On or about June 9, 2004, Jean Murphy Henderson, Mrs. May's friend, died and a funeral service was arranged by the decedent's family with defendants in this action. Id., at ¶ 8. The Highlands Memorial Park is a cemetery under the direct control and responsibility of the Town of Highlands, which is operated by the Town of Highlands as a proprietary activity. Id., at ¶ 9. In preparation for the grave side service, the Town of Highlands and/or SCI North Carolina Funeral Service, Inc. contracted with JJ's Landscaping Lawn Maintenance, Inc. to dig the grave. Id., at ¶ 10. Employees of SCI delivered to the grave dug by JJ's Landscaping Lawn Maintenance, Inc., a casket containing the remains of Jean Murphy Henderson, four 2" × 8" pieces of lumber to surround the grave, and a green rug to cover the lumber and a casket lowering mechanism. Id., at ¶ 11.

Plaintiffs have taken a Rule 41(a)(1) dismissal as to such defendant.
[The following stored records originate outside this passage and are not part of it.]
(* Let $\overline{G}$ be the roommate diversity game described in the context. No top-type outcome of $\overline{G}$ is popular.
   Context: In a roommate diversity game with agent set $N=R\cup B$ ($R$ red, $B$ blue) and room size $s$, an outcome is a partition of $N$ into rooms of size $s$; $\pi(a)$ is the room containing $a$ and $\theta(C)=|C\cap R|/|C|$. Each agent $a$ has a trichotomous preference given by a partition of the fractions into sets $D_a^+$ (approved), $D_a^n$ (neutral), $D_a^-$ (disapproved), possibly empty, with approved $\succ$ neutral $\succ$ disapproved and indifference within each set. Agent $a$ prefers $\pi$ to $\pi'$ if it strictly prefers $\theta(\pi(a))$ to $\theta(\pi'(a))$; $N(\pi,\pi')$ is the set of agents preferring $\pi$ to $\pi'$, $\phi(\pi,\pi')=|N(\pi,\pi')|-|N(\pi',\pi)|$, and $\pi$ is popular if $\phi(\pi,\pi')\ge0$ for all outcomes $\pi'$. The game $\overline{G}$: $R=\{r_1,r_2,r_3\}$, $B=\{b_1,\dots,b_6\}$, $s=3$; $r_1$: $D^+=\{1/3\}$, $D^-=\{2/3,1\}$; $r_2,r_3$: $D^+=\{2/3\}$, $D^-=\{1/3,1\}$; $b_1,\dots,b_4$: $D^+=\{1/3\}$, $D^n=\{2/3\}$, $D^-=\{0\}$; $b_5,b_6$: $D^+=\{0\}$, $D^-=\{1/3,2/3\}$ (a red agent is never in a room of fraction $0$, a blue agent never in one of fraction $1$). An outcome is top-type if it equals $\{\{r_1,\hat b_1,\hat b_2\},\{r_2,r_3,\hat b_3\},\{b_5,b_6,\hat b_4\}\}$ for some enumeration $\hat b_1,\dots,\hat b_4$ of $\{b_1,b_2,b_3,b_4\}$. *)

From mathcomp Require Import all_boot all_order all_algebra.
Set Implicit Arguments. Unset Strict Implicit. Unset Printing Implicit Defensive.
Import Order.TTheory GRing.Theory Num.Theory.

Inductive category := Approved | Neutral | Disapproved.

Definition cat_rank (c : category) : nat :=
  match c with Approved => 2 | Neutral => 1 | Disapproved => 0 end.

Section Game.
Variable T : finType.
Variable Red : {set T}.          (* red agents R; blue agents are ~: Red *)
Variable s : nat.
Variable pref : T -> rat -> category.
  (* pref a q = Approved iff q \in D_a^+, Neutral iff q \in D_a^n,
     Disapproved iff q \in D_a^- *)

Definition theta (C : {set T}) : rat := (#|C :&: Red|)%:R / (#|C|)%:R.

Definition is_outcome (P : {set {set T}}) : bool :=
  partition P [set: T] && [forall C in P, #|C| == s].

(* pi(a) = pblock P a *)
Definition prefers (a : T) (P Q : {set {set T}}) : bool :=
  (cat_rank (pref a (theta (pblock Q a))) < cat_rank (pref a (theta (pblock P a))))%N.

Definition N_pref (P Q : {set {set T}}) : {set T} := [set a | prefers a P Q].

Definition phi (P Q : {set {set T}}) : int :=
  (#|N_pref P Q|)%:Z - (#|N_pref Q P|)%:Z.

Definition popular (P : {set {set T}}) : Prop :=
  is_outcome P /\ forall Q, is_outcome Q -> (0 <= phi P Q)%R.

End Game.

Definition agent := 'I_9.
Definition r1 : agent := @Ordinal 9 0 isT.
Definition r2 : agent := @Ordinal 9 1 isT.
Definition r3 : agent := @Ordinal 9 2 isT.
Definition b1 : agent := @Ordinal 9 3 isT.
Definition b2 : agent := @Ordinal 9 4 isT.
Definition b3 : agent := @Ordinal 9 5 isT.
Definition b4 : agent := @Ordinal 9 6 isT.
Definition b5 : agent := @Ordinal 9 7 isT.
Definition b6 : agent := @Ordinal 9 8 isT.

Definition RedG : {set agent} := [set r1; r2; r3].

Definition third : rat := (1%:R / 3%:R)%R.
Definition two_thirds : rat := (2%:R / 3%:R)%R.

(* Fractions not listed in an agent's preference (0 for red agents, 1 for
   blue agents) can never occur for that agent; they are put in D^-. *)
Definition prefG (a : agent) (q : rat) : category :=
  if a == r1 then (if q == third then Approved else Disapproved)
  else if (a == r2) || (a == r3) then
    (if q == two_thirds then Approved else Disapproved)
  else if a \in [set b1; b2; b3; b4] then
    (if q == third then Approved
     else if q == two_thirds then Neutral else Disapproved)
  else (if q == 0%R then Approved else Disapproved).

Definition top_outcome (bh : 'I_4 -> agent) : {set {set agent}} :=
  [set [set r1; bh (@Ordinal 4 0 isT); bh (@Ordinal 4 1 isT)];
       [set r2; r3; bh (@Ordinal 4 2 isT)];
       [set b5; b6; bh (@Ordinal 4 3 isT)]].

Definition top_type (P : {set {set agent}}) : Prop :=
  exists bh : 'I_4 -> agent,
    injective bh /\ (forall i, bh i \in [set b1; b2; b3; b4]) /\ P = top_outcome bh.

(* Rotate the last three blue agents of a top-type outcome
   P = {r1, a, b}, {r2, r3, c}, {b5, b6, d} to obtain the top-type outcome
   Q = {r1, a, c}, {r2, r3, d}, {b5, b6, b}.  The rooms still have red fractions
   1/3, 2/3 and 0, so only b, c and d see their fraction change.  Agent c moves
   from 2/3 (neutral) to 1/3 (approved) and d from 0 (disapproved) to 2/3
   (neutral), so two agents prefer Q while at most b prefers P: phi(P, Q) < 0. *)

From mathcomp Require Import all_boot all_order all_algebra.
Import Order.TTheory GRing.Theory Num.Theory.

Set Implicit Arguments.
Unset Strict Implicit.
Unset Printing Implicit Defensive.

Section Rooms.
Variable T : finType.
Implicit Types (s u v : seq T) (x y z : T).

Lemma set3_seq x y z : [set x; y; z] = [set:: [:: x; y; z]].
Proof. by apply/setP => t; rewrite !inE orbA. Qed.

Lemma disjoint_uniq_cat u v : uniq (u ++ v) -> [disjoint [set:: u] & [set:: v]].
Proof.
rewrite cat_uniq => /and3P[_ uv _]; rewrite disjoint_sym.
rewrite (eq_disjoint (in_set (mem v))) (eq_disjoint_r (in_set (mem u))).
by rewrite disjoint_has.
Qed.

Lemma trivIset_seq3 s1 s2 s3 :
  uniq (s1 ++ s2 ++ s3) -> trivIset [set [set:: s1]; [set:: s2]; [set:: s3]].
Proof.
move=> u123.
have u12 : uniq (s1 ++ s2) by move: u123; rewrite catA cat_uniq => /andP[].
have u13 : uniq (s1 ++ s3).
  by apply: subseq_uniq u123; apply: cat_subseq (subseq_refl _) (suffix_subseq _ _).
have u23 : uniq (s2 ++ s3) by move: u123; rewrite cat_uniq => /and3P[].
apply/trivIsetP => A B; rewrite !inE.
move=> /orP[/orP[]|] /eqP-> /orP[/orP[]|] /eqP->; rewrite ?eqxx // => _.
all: by [exact: disjoint_uniq_cat | rewrite disjoint_sym; exact: disjoint_uniq_cat].
Qed.

Lemma is_outcome_seq3 n s1 s2 s3 :
  uniq (s1 ++ s2 ++ s3) -> (forall x, x \in s1 ++ s2 ++ s3) ->
  size s1 = n.+1 -> size s2 = n.+1 -> size s3 = n.+1 ->
  is_outcome n.+1 [set [set:: s1]; [set:: s2]; [set:: s3]].
Proof.
move=> u123 cover123 n1 n2 n3.
have [u1 u23] : uniq s1 /\ uniq (s2 ++ s3) by move: u123; rewrite cat_uniq => /and3P[].
have [u2 u3] : uniq s2 /\ uniq s3 by move: u23; rewrite cat_uniq => /and3P[].
have card_room s : uniq s -> #|[set:: s]| = size s.
  by move=> us; rewrite cardsE (card_uniqP us).
apply/andP; split; last first.
  by apply/forall_inP => C; rewrite !inE => /orP[/orP[]|] /eqP->;
    rewrite card_room // ?n1 ?n2 ?n3.
apply/and3P; split; last first.
- by rewrite !inE !(eq_sym set0) -!cards_eq0 !card_room // n1 n2 n3.
- exact: trivIset_seq3.
apply/eqP/setP => x; rewrite inE; apply/bigcupP.
move: (cover123 x); rewrite !mem_cat => /orP[|/orP[]] xs.
- by exists [set:: s1]; rewrite !inE ?eqxx.
- by exists [set:: s2]; rewrite !inE ?eqxx ?orbT.
- by exists [set:: s3]; rewrite !inE ?eqxx ?orbT.
Qed.

Lemma theta_seq (Red : {set T}) s :
  uniq s -> theta Red [set:: s] = ((count [in Red] s)%:R / (size s)%:R)%R.
Proof.
move=> us; rewrite /theta; have -> : [set:: s] :&: Red = [set:: filter [in Red] s].
  by apply/setP => x; rewrite !inE mem_filter andbC.
by rewrite !cardsE (card_uniqP us) (card_uniqP (filter_uniq _ us)) size_filter.
Qed.

End Rooms.

Section Preferences.
Variables (T : finType) (Red : {set T}) (pref : T -> rat -> category).
Implicit Types (P Q : {set {set T}}) (x : T).

Lemma eq_theta_not_prefers P Q x :
  theta Red (pblock P x) = theta Red (pblock Q x) -> ~~ prefers Red pref x P Q.
Proof. by rewrite /prefers => ->; rewrite ltnn. Qed.

Lemma prefers_asym P Q x : prefers Red pref x P Q -> ~~ prefers Red pref x Q P.
Proof. by rewrite /prefers -leqNgt => /ltnW. Qed.

Lemma phi_lt0 P Q y u v :
  N_pref Red pref P Q \subset [set y] -> [set u; v] \subset N_pref Red pref Q P ->
  u != v -> (phi Red pref P Q < 0)%R.
Proof.
move=> /subset_leq_card le1 /subset_leq_card le2 uv.
rewrite /phi subr_lt0 ltz_nat; rewrite cards1 in le1; rewrite cards2 uv in le2.
exact: leq_ltn_trans le1 le2.
Qed.

End Preferences.

Lemma agent_split x : (x \in [:: r1; r2; r3; b5; b6]) || (x \in [:: b1; b2; b3; b4]).
Proof. by case: x => [[|[|[|[|[|[|[|[|[|//]]]]]]]]] ?]. Qed.

Lemma blue_not_red u : u \in [:: b1; b2; b3; b4] -> u \in RedG = false.
Proof. by rewrite !inE => /or4P[]/eqP->. Qed.

Lemma prefG_blue u q : u \in [:: b1; b2; b3; b4] ->
  prefG u q =
    if q == third then Approved else if q == two_thirds then Neutral else Disapproved.
Proof. by rewrite /prefG !inE => /or4P[]/eqP->. Qed.

Definition top3 (a b c d : agent) : {set {set agent}} :=
  [set [set r1; a; b]; [set r2; r3; c]; [set b5; b6; d]].

Section TopOutcome.
Variables a b c d : agent.
Hypothesis abcd : perm_eq [:: a; b; c; d] [:: b1; b2; b3; b4].

Let rooms := [:: r1; a; b] ++ [:: r2; r3; c] ++ [:: b5; b6; d].

Lemma top3_cover x : x \in rooms.
Proof.
move: (agent_split x); rewrite -(perm_mem abcd) !inE.
by case/orP=> [/orP[|/or4P[]]|/or4P[]] /eqP->; rewrite ?eqxx ?orbT.
Qed.

Lemma top3_uniq : uniq rooms.
Proof.
(* All nine agents occur among the nine entries of [rooms], so none repeats. *)
have all_rooms : enum agent =i rooms by move=> x; rewrite mem_enum top3_cover.
by rewrite (uniq_size_uniq (enum_uniq _) all_rooms) -cardE card_ord.
Qed.

Lemma top3E : top3 a b c d =
  [set [set:: [:: r1; a; b]]; [set:: [:: r2; r3; c]]; [set:: [:: b5; b6; d]]].
Proof. by rewrite /top3 !set3_seq. Qed.

Lemma top3_outcome : is_outcome 3 (top3 a b c d).
Proof. by rewrite top3E; apply: is_outcome_seq3 top3_uniq top3_cover _ _ _. Qed.

Lemma theta_top3 :
  let theta_room x := theta RedG (pblock (top3 a b c d) x) in
  [/\ {in [:: r1; a; b], forall x, theta_room x = third},
       {in [:: r2; r3; c], forall x, theta_room x = two_thirds} &
       {in [:: b5; b6; d], forall x, theta_room x = 0%R}].
Proof.
have tri : trivIset (top3 a b c d) by rewrite top3E; apply: trivIset_seq3 top3_uniq.
have [u1 u23] : uniq [:: r1; a; b] /\ uniq ([:: r2; r3; c] ++ [:: b5; b6; d]).
  by move: top3_uniq; rewrite cat_uniq => /and3P[].
have [u2 u3] : uniq [:: r2; r3; c] /\ uniq [:: b5; b6; d].
  by move: u23; rewrite cat_uniq => /and3P[].
have not_red u : u \in [:: a; b; c; d] -> u \in RedG = false.
  by rewrite (perm_mem abcd); apply: blue_not_red.
have theta_room s x : [set:: s] \in top3 a b c d -> uniq s -> x \in s ->
    theta RedG (pblock (top3 a b c d) x) = ((count [in RedG] s)%:R / (size s)%:R)%R.
  by move=> sP us xs; rewrite (def_pblock tri sP) ?inE // theta_seq.
split=> x xs.
- rewrite (theta_room _ x _ u1 xs); last by rewrite top3E !inE eqxx.
  by rewrite /= (not_red a) ?(not_red b) ?inE ?eqxx ?orbT.
- rewrite (theta_room _ x _ u2 xs); last by rewrite top3E !inE eqxx ?orbT.
  by rewrite /= (not_red c) ?inE ?eqxx ?orbT.
- rewrite (theta_room _ x _ u3 xs); last by rewrite top3E !inE eqxx ?orbT.
  by rewrite /= (not_red d) ?inE ?eqxx ?orbT.
Qed.

End TopOutcome.

Section Rotation.
Variables a b c d : agent.
Hypothesis abcd : perm_eq [:: a; b; c; d] [:: b1; b2; b3; b4].

Let P := top3 a b c d.
Let Q := top3 a c d b.

Lemma perm_blues_rotate : perm_eq [:: a; c; d; b] [:: b1; b2; b3; b4].
Proof. by apply: perm_trans abcd; rewrite perm_cons (perm_rot 1 [:: b; c; d]). Qed.

Lemma theta_top3_rotate x :
  x \notin [:: b; c; d] -> theta RedG (pblock P x) = theta RedG (pblock Q x).
Proof.
move=> xbcd; have [P1 P2 P3] := theta_top3 abcd.
have [Q1 Q2 Q3] := theta_top3 perm_blues_rotate.
move: (top3_cover abcd x); rewrite !mem_cat => /or3P[] xs.
- by rewrite P1 // Q1 //; move: xs xbcd; rewrite !inE; do ![case: (_ == _)].
- by rewrite P2 // Q2 //; move: xs xbcd; rewrite !inE; do ![case: (_ == _)].
- by rewrite P3 // Q3 //; move: xs xbcd; rewrite !inE; do ![case: (_ == _)].
Qed.

Lemma prefers_top3_rotate : prefers RedG prefG c Q P /\ prefers RedG prefG d Q P.
Proof.
have [_ P2 P3] := theta_top3 abcd; have [Q1 Q2 _] := theta_top3 perm_blues_rotate.
have blue u : u \in [:: a; b; c; d] -> u \in [:: b1; b2; b3; b4] by rewrite (perm_mem abcd).
split; rewrite /prefers !prefG_blue ?blue ?inE ?eqxx ?orbT //.
- by rewrite (P2 c) ?(Q1 c) ?inE ?eqxx ?orbT.
- by rewrite (P3 d) ?(Q2 d) ?inE ?eqxx ?orbT.
Qed.

Lemma phi_top3_rotate : (phi RedG prefG P Q < 0)%R.
Proof.
have [cQP dQP] := prefers_top3_rotate.
apply: (@phi_lt0 _ _ _ _ _ b c d).
- apply/subsetP => x; rewrite !inE; apply: contraTT => xb.
  have [|xbcd] := boolP (x \in [:: b; c; d]); last first.
    exact/eq_theta_not_prefers/theta_top3_rotate.
  by rewrite !inE (negbTE xb) /= => /orP[]/eqP->; apply: prefers_asym.
- by apply/subsetP => x; rewrite !inE => /orP[]/eqP->.
- by move: (perm_uniq abcd); rewrite /= !inE => /and4P[_ _ cd _].
Qed.

End Rotation.

Lemma top_type_top3 P :
  top_type P -> exists a b c d,
    perm_eq [:: a; b; c; d] [:: b1; b2; b3; b4] /\ P = top3 a b c d.
Proof.
case=> bh [bh_inj [bh_blue ->]]; do 4!eexists; split; last reflexivity.
have blue i : bh i \in [:: b1; b2; b3; b4] by move: (bh_blue i); rewrite !inE -!orbA.
have bh_eq i j : (bh i == bh j) = (i == j) := inj_eq bh_inj i j.
apply: uniq_perm => //; first by rewrite /= !inE !bh_eq.
apply: (uniq_min_size _ _ _).2 => //; first by rewrite /= !inE !bh_eq.
by apply/allP; rewrite /= !blue.
Qed.

Theorem mainTheorem9 (P : {set {set agent}}) :
  top_type P -> ~ popular RedG 3 prefG P.
Proof.
case/top_type_top3 => a [b [c [d [abcd ->]]]] [_ P_popular].
have := P_popular _ (top3_outcome (perm_blues_rotate abcd)).
by rewrite leNgt (phi_top3_rotate abcd).
Qed.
On or about June 12, 2004, Mrs. May was visiting the grave site at Highlands Memorial Park in Highlands, North Carolina, for the purpose of a funeral service. Id., at ¶ 12. During her visit, Mrs. May attempted to place flowers on the casket, stepping onto the green carpeting covering either the grave or an edge that was weak and collapsing and fell through the carpet, into the grave and onto the cement vault of her deceased friend. Id., at ¶ 13. The side of the grave had deteriorated, id., at ¶ 14, such was a latent condition hidden by the green rug, id., at ¶ 15, and the Town of Highlands, its agents or employees, had either actual or constructive knowledge of the deteriorated grave and lack of plywood over the entire grave. Id., at ¶ 16. According to plaintiffs, the green rug appeared to be a proper place to step.Id., at ¶ 17.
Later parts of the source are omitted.